== INPUT MATERIAL
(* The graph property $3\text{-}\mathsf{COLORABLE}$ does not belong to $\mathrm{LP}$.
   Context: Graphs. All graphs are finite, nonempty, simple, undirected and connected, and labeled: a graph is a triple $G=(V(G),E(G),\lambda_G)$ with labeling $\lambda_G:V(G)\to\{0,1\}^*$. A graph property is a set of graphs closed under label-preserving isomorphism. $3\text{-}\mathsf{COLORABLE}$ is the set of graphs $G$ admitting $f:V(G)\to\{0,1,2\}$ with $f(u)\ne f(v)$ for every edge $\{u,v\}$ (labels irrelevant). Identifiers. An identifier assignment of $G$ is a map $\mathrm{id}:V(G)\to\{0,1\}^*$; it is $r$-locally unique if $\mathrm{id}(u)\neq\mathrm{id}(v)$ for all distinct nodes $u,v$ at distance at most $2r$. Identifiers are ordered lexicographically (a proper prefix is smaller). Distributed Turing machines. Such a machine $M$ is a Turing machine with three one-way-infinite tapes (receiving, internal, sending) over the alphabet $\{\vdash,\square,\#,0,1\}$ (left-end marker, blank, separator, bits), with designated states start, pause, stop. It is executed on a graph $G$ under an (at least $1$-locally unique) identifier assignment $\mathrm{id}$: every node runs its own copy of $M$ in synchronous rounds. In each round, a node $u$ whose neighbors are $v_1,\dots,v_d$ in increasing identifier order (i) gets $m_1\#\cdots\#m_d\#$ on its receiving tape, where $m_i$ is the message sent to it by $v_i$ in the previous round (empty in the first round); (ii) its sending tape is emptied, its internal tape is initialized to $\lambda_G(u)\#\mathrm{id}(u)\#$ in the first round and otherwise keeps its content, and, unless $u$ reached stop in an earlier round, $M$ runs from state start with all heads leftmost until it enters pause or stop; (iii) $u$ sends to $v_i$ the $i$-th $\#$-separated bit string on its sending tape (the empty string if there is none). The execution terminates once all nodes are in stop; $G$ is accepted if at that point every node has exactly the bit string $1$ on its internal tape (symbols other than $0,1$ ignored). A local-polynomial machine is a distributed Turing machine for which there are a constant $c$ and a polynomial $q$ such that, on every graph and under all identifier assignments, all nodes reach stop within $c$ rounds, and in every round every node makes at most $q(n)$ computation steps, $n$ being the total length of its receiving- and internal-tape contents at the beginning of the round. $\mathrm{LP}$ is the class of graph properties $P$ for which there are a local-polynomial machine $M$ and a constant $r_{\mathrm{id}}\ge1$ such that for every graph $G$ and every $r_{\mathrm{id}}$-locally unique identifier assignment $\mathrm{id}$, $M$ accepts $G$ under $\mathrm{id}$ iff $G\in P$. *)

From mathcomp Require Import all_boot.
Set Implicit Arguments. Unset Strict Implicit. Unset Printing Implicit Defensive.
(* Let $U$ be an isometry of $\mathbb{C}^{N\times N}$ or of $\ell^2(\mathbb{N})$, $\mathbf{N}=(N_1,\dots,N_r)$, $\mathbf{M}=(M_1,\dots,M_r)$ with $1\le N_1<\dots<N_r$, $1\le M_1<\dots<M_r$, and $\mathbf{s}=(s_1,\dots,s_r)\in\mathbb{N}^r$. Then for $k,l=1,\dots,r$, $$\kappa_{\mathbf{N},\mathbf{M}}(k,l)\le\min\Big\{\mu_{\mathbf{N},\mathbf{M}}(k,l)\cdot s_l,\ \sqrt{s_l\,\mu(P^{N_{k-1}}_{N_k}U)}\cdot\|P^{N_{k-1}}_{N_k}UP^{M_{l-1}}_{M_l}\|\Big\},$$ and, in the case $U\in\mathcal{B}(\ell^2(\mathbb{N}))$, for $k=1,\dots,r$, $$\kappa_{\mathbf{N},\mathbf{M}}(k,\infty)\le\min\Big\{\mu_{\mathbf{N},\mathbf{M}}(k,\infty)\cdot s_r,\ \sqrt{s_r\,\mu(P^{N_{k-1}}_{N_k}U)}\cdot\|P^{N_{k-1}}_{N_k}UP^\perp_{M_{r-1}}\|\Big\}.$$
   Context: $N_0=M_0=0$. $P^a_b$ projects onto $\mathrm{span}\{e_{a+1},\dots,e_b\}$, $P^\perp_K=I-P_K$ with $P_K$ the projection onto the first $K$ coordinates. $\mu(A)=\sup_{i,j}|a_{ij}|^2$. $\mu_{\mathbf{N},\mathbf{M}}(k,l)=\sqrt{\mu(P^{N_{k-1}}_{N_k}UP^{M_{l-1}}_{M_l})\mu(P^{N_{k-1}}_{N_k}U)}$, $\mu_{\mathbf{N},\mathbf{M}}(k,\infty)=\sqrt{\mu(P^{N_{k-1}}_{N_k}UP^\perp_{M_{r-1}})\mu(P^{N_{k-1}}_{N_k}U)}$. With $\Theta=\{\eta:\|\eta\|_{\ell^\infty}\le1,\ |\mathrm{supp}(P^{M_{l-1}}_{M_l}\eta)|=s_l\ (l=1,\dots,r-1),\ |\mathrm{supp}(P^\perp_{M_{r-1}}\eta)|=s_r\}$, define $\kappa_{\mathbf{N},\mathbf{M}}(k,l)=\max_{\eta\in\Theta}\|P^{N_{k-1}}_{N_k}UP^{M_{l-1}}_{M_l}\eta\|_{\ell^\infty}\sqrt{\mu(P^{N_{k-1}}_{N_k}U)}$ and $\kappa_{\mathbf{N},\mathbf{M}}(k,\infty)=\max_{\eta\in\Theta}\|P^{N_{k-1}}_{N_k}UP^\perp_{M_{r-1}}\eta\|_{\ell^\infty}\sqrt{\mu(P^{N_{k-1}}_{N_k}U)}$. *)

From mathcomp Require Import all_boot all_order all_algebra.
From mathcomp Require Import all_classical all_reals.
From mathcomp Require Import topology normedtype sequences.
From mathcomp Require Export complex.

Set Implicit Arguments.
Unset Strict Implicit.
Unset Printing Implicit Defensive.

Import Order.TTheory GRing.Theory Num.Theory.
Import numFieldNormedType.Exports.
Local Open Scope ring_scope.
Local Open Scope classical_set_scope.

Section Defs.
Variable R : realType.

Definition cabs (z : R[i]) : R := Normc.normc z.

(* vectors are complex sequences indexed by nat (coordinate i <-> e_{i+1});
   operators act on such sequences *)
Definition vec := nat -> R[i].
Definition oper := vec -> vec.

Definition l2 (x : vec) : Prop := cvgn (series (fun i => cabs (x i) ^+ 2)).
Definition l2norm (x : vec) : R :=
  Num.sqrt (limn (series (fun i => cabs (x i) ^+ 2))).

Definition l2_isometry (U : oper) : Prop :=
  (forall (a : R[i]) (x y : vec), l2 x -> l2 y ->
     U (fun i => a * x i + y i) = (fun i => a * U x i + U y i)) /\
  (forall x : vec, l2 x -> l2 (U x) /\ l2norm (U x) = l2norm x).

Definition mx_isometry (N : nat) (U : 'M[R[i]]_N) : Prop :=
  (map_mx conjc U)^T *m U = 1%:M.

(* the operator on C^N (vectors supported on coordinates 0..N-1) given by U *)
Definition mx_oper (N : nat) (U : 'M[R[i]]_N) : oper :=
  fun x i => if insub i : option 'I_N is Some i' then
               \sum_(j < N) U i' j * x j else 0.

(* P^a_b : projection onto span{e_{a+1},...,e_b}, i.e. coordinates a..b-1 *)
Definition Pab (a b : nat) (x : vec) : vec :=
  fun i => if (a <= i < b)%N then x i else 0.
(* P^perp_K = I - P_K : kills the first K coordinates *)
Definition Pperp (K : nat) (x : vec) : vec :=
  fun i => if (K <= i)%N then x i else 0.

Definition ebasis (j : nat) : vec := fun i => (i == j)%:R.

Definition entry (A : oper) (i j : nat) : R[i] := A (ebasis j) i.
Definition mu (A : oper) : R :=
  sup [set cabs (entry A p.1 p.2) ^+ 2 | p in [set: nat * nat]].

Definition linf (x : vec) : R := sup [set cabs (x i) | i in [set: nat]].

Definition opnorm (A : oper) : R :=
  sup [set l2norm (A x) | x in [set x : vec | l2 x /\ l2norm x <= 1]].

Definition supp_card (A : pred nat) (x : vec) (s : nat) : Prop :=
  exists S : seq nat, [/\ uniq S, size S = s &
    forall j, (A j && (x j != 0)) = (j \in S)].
====
> TASK STATEMENT
Starting with the line that holds "From mathcomp Require Import all_boot." and ending with the line that holds "Set Implicit Arguments. Unset", retype every line in the data above exactly, and nothing else.

> RESULT OF THE EXERCISE
From mathcomp Require Import all_boot.
Set Implicit Arguments. Unset Strict Implicit. Unset Printing Implicit Defensive.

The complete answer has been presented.